── Dataset ──

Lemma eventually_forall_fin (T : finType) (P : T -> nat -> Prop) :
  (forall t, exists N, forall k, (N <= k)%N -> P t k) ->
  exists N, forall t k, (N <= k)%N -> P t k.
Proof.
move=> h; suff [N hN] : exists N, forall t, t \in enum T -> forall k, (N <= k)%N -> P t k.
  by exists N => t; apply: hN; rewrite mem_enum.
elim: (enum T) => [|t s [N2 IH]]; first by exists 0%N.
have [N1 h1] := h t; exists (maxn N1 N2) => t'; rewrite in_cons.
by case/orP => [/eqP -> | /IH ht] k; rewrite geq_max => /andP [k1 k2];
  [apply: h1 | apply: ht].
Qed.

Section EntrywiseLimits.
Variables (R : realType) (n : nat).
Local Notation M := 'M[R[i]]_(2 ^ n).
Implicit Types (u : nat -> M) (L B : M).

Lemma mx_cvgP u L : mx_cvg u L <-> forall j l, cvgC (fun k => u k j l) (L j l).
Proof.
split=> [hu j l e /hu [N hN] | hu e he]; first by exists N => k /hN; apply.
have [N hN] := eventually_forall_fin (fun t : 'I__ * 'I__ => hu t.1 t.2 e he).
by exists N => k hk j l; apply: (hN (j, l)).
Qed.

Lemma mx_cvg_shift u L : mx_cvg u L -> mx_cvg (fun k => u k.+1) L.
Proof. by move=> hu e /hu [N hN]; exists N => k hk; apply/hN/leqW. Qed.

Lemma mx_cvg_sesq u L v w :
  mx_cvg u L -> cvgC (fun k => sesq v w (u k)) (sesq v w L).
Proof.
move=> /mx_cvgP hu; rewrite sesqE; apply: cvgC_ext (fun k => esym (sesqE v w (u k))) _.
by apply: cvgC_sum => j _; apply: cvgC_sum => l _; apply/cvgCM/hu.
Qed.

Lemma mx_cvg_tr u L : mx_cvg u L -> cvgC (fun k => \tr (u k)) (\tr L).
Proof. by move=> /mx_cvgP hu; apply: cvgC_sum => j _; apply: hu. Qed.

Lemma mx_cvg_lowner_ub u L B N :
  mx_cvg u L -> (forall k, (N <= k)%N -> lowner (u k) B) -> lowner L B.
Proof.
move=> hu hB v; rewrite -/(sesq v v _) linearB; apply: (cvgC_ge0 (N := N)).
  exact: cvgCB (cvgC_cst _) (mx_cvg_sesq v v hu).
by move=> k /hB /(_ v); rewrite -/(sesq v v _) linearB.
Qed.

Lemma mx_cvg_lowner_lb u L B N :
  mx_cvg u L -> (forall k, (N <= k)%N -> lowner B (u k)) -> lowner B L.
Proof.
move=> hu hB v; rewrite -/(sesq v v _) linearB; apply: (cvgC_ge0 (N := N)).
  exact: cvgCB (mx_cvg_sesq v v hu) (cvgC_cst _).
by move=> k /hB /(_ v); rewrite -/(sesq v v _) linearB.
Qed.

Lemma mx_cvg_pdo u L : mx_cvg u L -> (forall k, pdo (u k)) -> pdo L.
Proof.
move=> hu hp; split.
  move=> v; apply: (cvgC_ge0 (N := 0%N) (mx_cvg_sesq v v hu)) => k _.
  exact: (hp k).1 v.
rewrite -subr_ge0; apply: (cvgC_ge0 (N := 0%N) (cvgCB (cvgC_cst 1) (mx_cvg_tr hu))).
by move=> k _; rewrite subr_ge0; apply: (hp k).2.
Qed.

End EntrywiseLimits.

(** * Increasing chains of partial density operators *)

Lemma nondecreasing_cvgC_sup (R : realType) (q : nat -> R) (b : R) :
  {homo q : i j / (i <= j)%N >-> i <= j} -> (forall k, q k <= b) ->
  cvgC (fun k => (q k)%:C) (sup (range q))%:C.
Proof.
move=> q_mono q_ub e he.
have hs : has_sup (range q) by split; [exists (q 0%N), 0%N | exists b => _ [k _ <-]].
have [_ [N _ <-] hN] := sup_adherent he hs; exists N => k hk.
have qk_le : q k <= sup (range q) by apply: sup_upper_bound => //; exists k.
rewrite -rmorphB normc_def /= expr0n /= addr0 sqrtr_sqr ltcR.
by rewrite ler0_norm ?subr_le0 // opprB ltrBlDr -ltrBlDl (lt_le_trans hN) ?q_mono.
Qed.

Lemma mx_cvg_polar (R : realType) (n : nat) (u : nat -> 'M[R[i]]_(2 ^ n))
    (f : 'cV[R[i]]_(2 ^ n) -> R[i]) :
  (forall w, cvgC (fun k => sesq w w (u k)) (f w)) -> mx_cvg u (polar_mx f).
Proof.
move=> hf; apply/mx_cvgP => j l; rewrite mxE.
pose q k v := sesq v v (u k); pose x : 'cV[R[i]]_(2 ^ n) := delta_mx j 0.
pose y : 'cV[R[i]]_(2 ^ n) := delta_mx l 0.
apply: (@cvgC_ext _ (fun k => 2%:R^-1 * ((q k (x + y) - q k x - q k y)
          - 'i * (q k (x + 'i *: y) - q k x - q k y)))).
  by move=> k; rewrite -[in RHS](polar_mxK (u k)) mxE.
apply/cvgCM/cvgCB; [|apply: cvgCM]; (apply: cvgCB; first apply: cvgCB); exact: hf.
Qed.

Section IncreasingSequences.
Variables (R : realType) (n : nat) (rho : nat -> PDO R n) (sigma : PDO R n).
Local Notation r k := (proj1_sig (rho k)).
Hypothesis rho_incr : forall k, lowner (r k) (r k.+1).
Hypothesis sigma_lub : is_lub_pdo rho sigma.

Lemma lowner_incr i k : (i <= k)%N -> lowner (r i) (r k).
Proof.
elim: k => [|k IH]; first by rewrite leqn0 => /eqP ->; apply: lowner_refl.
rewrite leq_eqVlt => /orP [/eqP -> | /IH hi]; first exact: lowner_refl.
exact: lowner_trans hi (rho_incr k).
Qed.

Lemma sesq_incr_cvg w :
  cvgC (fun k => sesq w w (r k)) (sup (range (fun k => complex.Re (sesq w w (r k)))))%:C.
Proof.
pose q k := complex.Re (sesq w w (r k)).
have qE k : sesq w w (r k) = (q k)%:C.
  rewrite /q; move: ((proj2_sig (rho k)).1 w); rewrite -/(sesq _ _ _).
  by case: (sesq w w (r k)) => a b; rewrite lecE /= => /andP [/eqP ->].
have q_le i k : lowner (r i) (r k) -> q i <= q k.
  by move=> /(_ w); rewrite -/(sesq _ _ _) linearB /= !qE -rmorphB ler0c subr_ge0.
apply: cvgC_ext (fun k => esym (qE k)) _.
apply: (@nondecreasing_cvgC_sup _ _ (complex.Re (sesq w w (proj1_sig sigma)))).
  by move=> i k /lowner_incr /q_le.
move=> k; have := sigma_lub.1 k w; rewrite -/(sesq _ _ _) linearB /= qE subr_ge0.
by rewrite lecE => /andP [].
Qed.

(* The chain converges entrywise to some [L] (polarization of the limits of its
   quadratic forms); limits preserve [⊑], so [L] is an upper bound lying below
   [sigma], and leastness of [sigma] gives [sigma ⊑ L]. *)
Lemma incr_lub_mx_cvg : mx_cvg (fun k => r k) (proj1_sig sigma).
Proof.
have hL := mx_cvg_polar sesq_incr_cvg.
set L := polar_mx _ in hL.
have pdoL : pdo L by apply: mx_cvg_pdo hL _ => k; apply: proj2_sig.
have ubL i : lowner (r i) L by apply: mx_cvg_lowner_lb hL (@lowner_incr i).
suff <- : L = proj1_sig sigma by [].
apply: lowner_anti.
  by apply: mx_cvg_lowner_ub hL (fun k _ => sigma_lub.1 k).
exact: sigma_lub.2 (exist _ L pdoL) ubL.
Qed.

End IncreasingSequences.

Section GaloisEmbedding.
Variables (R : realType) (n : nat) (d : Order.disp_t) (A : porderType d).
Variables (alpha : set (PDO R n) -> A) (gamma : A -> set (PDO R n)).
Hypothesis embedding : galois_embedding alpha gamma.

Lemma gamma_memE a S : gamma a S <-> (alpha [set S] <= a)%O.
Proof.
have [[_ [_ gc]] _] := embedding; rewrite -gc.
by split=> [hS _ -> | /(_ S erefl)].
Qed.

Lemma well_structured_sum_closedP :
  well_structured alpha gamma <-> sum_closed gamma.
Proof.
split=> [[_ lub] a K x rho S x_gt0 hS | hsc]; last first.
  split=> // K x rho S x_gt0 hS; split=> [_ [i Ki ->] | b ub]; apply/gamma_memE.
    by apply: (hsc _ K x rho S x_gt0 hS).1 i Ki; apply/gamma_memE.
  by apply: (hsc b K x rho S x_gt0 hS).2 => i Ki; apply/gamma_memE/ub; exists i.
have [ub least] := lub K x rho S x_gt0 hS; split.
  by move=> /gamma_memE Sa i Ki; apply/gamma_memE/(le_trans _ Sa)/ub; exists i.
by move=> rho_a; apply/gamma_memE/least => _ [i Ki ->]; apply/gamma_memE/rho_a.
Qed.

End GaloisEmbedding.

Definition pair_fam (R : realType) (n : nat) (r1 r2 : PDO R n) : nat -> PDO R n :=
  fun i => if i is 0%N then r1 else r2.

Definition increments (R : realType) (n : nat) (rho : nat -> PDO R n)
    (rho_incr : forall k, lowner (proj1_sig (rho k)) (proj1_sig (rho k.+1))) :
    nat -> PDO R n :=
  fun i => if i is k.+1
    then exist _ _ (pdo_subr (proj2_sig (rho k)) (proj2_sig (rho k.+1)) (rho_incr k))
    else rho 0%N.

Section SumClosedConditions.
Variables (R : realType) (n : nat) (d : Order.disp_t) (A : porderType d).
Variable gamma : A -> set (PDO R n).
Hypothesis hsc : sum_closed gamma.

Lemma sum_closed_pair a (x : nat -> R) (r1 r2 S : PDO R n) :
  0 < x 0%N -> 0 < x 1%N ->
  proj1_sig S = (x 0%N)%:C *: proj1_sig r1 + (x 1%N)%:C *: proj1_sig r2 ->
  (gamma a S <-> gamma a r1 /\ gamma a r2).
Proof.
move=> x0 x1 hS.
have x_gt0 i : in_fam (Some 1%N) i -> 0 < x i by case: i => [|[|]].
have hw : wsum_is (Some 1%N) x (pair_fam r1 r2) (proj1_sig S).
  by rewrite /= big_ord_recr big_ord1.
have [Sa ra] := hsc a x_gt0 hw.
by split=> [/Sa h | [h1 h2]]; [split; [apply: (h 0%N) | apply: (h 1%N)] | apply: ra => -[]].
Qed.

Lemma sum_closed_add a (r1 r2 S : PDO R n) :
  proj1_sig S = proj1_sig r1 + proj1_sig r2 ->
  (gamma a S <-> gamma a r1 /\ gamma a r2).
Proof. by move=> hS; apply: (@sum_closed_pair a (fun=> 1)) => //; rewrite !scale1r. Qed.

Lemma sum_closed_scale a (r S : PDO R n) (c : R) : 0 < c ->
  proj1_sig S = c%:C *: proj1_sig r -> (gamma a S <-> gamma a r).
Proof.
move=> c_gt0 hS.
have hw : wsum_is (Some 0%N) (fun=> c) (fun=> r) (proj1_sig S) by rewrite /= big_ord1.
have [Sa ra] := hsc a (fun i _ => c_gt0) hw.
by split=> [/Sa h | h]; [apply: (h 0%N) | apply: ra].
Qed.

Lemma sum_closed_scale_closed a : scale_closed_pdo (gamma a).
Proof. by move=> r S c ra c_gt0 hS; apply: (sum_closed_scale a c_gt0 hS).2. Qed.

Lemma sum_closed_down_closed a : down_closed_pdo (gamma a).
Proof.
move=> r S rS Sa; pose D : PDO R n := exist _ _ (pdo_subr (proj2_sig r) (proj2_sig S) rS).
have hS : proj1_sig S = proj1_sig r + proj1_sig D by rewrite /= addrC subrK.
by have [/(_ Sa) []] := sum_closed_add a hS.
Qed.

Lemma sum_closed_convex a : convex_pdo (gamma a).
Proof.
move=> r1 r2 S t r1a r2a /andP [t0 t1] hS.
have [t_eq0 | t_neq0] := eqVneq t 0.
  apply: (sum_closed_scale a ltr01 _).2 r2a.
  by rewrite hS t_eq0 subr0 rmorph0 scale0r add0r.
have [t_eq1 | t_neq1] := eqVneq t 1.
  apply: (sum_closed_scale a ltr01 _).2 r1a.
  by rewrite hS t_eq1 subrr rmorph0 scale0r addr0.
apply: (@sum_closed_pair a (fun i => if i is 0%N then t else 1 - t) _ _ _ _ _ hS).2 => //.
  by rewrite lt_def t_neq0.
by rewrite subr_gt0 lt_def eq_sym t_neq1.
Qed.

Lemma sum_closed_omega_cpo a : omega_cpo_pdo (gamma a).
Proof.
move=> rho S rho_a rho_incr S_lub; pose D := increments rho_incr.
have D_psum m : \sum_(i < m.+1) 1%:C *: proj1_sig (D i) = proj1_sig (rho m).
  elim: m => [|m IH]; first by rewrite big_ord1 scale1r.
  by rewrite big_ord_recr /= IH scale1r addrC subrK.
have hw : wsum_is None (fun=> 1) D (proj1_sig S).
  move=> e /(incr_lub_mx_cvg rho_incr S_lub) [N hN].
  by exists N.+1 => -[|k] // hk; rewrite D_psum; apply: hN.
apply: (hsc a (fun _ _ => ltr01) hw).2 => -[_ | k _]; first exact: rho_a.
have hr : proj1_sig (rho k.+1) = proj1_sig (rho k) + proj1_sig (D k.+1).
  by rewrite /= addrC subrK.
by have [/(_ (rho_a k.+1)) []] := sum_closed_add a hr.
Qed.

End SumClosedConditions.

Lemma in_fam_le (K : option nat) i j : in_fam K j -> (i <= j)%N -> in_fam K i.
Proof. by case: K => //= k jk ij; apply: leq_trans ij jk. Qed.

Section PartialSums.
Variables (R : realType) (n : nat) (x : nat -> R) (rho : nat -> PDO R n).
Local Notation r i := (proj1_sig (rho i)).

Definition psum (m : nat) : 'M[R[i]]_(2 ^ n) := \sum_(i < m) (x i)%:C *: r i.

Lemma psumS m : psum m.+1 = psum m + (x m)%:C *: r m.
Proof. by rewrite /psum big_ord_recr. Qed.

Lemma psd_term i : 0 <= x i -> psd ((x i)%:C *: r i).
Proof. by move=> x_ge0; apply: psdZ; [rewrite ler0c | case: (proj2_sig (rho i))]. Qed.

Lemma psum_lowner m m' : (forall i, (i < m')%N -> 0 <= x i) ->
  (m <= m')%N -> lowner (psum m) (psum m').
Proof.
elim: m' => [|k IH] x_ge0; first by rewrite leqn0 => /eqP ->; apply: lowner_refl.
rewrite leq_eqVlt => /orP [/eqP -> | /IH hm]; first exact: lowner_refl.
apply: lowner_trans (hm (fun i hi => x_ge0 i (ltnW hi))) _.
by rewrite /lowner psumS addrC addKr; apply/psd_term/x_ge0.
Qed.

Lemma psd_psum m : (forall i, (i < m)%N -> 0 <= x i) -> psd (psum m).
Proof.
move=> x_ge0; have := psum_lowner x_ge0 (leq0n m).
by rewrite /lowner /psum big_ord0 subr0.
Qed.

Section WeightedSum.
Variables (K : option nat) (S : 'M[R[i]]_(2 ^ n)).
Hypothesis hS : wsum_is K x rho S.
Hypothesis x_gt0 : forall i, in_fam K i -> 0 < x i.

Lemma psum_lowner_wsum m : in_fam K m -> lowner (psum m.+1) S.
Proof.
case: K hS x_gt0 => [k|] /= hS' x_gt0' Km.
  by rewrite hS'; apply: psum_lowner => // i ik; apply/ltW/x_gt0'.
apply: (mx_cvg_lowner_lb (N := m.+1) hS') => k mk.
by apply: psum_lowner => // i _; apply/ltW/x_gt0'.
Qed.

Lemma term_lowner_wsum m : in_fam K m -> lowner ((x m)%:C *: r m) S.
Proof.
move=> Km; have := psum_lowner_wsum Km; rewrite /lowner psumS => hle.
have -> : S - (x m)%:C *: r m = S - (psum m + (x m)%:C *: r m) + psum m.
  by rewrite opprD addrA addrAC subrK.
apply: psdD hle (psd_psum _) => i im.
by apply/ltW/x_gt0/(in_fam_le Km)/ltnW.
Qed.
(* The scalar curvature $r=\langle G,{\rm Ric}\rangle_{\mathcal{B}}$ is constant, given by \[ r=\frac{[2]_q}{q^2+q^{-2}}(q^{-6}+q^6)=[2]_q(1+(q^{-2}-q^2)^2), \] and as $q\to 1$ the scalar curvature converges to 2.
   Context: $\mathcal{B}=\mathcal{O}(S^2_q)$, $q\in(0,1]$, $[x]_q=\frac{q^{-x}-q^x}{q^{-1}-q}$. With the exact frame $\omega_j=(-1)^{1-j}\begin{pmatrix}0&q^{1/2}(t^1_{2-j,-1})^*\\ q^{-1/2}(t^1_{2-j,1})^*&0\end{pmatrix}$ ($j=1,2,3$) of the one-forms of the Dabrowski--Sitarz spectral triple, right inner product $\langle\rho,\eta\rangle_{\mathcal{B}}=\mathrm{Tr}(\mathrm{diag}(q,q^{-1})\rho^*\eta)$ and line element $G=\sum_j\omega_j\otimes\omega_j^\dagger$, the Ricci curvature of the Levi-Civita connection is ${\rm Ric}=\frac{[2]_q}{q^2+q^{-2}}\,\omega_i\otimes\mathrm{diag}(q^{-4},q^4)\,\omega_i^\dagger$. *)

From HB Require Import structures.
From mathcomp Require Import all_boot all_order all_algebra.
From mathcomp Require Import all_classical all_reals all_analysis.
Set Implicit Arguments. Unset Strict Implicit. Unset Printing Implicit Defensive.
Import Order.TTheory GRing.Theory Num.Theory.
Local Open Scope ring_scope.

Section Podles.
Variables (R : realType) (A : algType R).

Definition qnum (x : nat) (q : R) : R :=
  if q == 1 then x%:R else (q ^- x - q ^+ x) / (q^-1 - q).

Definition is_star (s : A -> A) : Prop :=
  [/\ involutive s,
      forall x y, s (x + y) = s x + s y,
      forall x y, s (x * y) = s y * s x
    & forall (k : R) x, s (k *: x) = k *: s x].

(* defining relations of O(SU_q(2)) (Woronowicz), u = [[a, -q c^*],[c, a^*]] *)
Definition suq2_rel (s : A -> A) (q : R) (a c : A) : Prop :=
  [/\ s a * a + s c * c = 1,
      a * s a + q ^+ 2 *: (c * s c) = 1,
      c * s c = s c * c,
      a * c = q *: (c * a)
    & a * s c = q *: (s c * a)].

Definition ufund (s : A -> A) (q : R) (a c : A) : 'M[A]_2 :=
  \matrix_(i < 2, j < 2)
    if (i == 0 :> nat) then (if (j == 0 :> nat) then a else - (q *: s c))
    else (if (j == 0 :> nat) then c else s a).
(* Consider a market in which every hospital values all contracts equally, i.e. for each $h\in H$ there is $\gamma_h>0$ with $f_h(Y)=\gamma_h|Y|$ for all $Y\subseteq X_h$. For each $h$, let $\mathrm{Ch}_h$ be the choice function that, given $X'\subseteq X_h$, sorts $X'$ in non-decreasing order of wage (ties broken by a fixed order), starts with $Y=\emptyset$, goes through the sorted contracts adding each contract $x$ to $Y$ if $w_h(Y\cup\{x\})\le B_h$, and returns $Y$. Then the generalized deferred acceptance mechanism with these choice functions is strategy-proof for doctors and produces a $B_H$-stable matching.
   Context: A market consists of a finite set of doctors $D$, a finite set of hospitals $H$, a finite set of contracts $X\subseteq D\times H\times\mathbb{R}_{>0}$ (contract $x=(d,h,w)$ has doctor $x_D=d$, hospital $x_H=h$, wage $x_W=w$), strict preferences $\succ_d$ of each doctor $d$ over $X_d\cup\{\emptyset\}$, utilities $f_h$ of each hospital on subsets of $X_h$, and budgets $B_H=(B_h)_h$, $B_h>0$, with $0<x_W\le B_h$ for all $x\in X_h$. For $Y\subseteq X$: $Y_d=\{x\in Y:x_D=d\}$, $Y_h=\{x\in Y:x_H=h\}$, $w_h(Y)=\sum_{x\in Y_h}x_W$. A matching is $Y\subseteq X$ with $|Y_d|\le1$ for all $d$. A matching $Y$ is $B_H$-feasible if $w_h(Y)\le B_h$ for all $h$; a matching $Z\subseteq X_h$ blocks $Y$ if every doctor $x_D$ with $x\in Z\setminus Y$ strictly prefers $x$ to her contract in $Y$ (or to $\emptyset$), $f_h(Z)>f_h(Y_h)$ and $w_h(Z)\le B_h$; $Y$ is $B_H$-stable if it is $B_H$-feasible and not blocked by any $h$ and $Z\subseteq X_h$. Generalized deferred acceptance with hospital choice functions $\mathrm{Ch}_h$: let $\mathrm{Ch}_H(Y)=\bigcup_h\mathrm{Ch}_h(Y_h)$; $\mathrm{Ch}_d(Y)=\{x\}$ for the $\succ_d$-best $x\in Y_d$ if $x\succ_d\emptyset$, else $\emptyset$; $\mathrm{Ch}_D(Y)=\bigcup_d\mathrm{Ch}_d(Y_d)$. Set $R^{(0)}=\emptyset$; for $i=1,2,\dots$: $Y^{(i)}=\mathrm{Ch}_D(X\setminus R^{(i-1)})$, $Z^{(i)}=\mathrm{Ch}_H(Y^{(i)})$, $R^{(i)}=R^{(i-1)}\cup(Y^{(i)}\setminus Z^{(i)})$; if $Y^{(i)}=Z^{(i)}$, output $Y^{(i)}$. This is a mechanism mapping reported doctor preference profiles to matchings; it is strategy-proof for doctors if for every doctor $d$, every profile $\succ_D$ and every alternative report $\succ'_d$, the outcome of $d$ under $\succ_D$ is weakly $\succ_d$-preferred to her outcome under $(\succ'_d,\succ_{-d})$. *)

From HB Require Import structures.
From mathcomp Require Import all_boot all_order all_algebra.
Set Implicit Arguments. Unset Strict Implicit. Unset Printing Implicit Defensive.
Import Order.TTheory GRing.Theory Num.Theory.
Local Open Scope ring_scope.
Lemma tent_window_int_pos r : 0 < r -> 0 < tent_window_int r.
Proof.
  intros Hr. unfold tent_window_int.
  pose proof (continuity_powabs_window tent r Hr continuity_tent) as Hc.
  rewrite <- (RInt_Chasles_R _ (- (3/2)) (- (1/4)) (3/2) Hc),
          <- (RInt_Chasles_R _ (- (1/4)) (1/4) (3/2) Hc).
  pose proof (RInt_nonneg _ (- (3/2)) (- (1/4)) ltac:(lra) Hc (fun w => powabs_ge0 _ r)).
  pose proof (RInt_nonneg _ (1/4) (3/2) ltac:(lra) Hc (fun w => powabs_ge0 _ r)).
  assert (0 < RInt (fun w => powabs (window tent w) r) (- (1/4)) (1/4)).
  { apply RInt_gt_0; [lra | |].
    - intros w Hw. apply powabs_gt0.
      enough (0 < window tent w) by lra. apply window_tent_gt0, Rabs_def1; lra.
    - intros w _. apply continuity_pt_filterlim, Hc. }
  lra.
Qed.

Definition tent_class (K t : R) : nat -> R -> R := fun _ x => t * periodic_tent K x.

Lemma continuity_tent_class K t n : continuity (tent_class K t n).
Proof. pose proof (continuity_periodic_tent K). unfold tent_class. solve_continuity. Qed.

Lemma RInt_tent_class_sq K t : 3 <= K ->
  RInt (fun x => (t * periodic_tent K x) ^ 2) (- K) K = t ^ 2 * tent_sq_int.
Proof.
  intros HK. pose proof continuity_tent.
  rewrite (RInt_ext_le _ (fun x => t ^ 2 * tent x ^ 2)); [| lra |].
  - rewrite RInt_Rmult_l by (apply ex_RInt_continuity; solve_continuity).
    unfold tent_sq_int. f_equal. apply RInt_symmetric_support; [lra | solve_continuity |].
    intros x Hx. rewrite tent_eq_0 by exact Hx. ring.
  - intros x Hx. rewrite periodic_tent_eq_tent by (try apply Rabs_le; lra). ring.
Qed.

───

Looking at the material above, please copy exactly every line from its first line through the line containing "exact: (hp k).1 v.", with both ends included and nothing else.

Lemma eventually_forall_fin (T : finType) (P : T -> nat -> Prop) :
  (forall t, exists N, forall k, (N <= k)%N -> P t k) ->
  exists N, forall t k, (N <= k)%N -> P t k.
Proof.
move=> h; suff [N hN] : exists N, forall t, t \in enum T -> forall k, (N <= k)%N -> P t k.
  by exists N => t; apply: hN; rewrite mem_enum.
elim: (enum T) => [|t s [N2 IH]]; first by exists 0%N.
have [N1 h1] := h t; exists (maxn N1 N2) => t'; rewrite in_cons.
by case/orP => [/eqP -> | /IH ht] k; rewrite geq_max => /andP [k1 k2];
  [apply: h1 | apply: ht].
Qed.

Section EntrywiseLimits.
Variables (R : realType) (n : nat).
Local Notation M := 'M[R[i]]_(2 ^ n).
Implicit Types (u : nat -> M) (L B : M).

Lemma mx_cvgP u L : mx_cvg u L <-> forall j l, cvgC (fun k => u k j l) (L j l).
Proof.
split=> [hu j l e /hu [N hN] | hu e he]; first by exists N => k /hN; apply.
have [N hN] := eventually_forall_fin (fun t : 'I__ * 'I__ => hu t.1 t.2 e he).
by exists N => k hk j l; apply: (hN (j, l)).
Qed.

Lemma mx_cvg_shift u L : mx_cvg u L -> mx_cvg (fun k => u k.+1) L.
Proof. by move=> hu e /hu [N hN]; exists N => k hk; apply/hN/leqW. Qed.

Lemma mx_cvg_sesq u L v w :
  mx_cvg u L -> cvgC (fun k => sesq v w (u k)) (sesq v w L).
Proof.
move=> /mx_cvgP hu; rewrite sesqE; apply: cvgC_ext (fun k => esym (sesqE v w (u k))) _.
by apply: cvgC_sum => j _; apply: cvgC_sum => l _; apply/cvgCM/hu.
Qed.

Lemma mx_cvg_tr u L : mx_cvg u L -> cvgC (fun k => \tr (u k)) (\tr L).
Proof. by move=> /mx_cvgP hu; apply: cvgC_sum => j _; apply: hu. Qed.

Lemma mx_cvg_lowner_ub u L B N :
  mx_cvg u L -> (forall k, (N <= k)%N -> lowner (u k) B) -> lowner L B.
Proof.
move=> hu hB v; rewrite -/(sesq v v _) linearB; apply: (cvgC_ge0 (N := N)).
  exact: cvgCB (cvgC_cst _) (mx_cvg_sesq v v hu).
by move=> k /hB /(_ v); rewrite -/(sesq v v _) linearB.
Qed.

Lemma mx_cvg_lowner_lb u L B N :
  mx_cvg u L -> (forall k, (N <= k)%N -> lowner B (u k)) -> lowner B L.
Proof.
move=> hu hB v; rewrite -/(sesq v v _) linearB; apply: (cvgC_ge0 (N := N)).
  exact: cvgCB (mx_cvg_sesq v v hu) (cvgC_cst _).
by move=> k /hB /(_ v); rewrite -/(sesq v v _) linearB.
Qed.

Lemma mx_cvg_pdo u L : mx_cvg u L -> (forall k, pdo (u k)) -> pdo L.
Proof.
move=> hu hp; split.
  move=> v; apply: (cvgC_ge0 (N := 0%N) (mx_cvg_sesq v v hu)) => k _.
  exact: (hp k).1 v.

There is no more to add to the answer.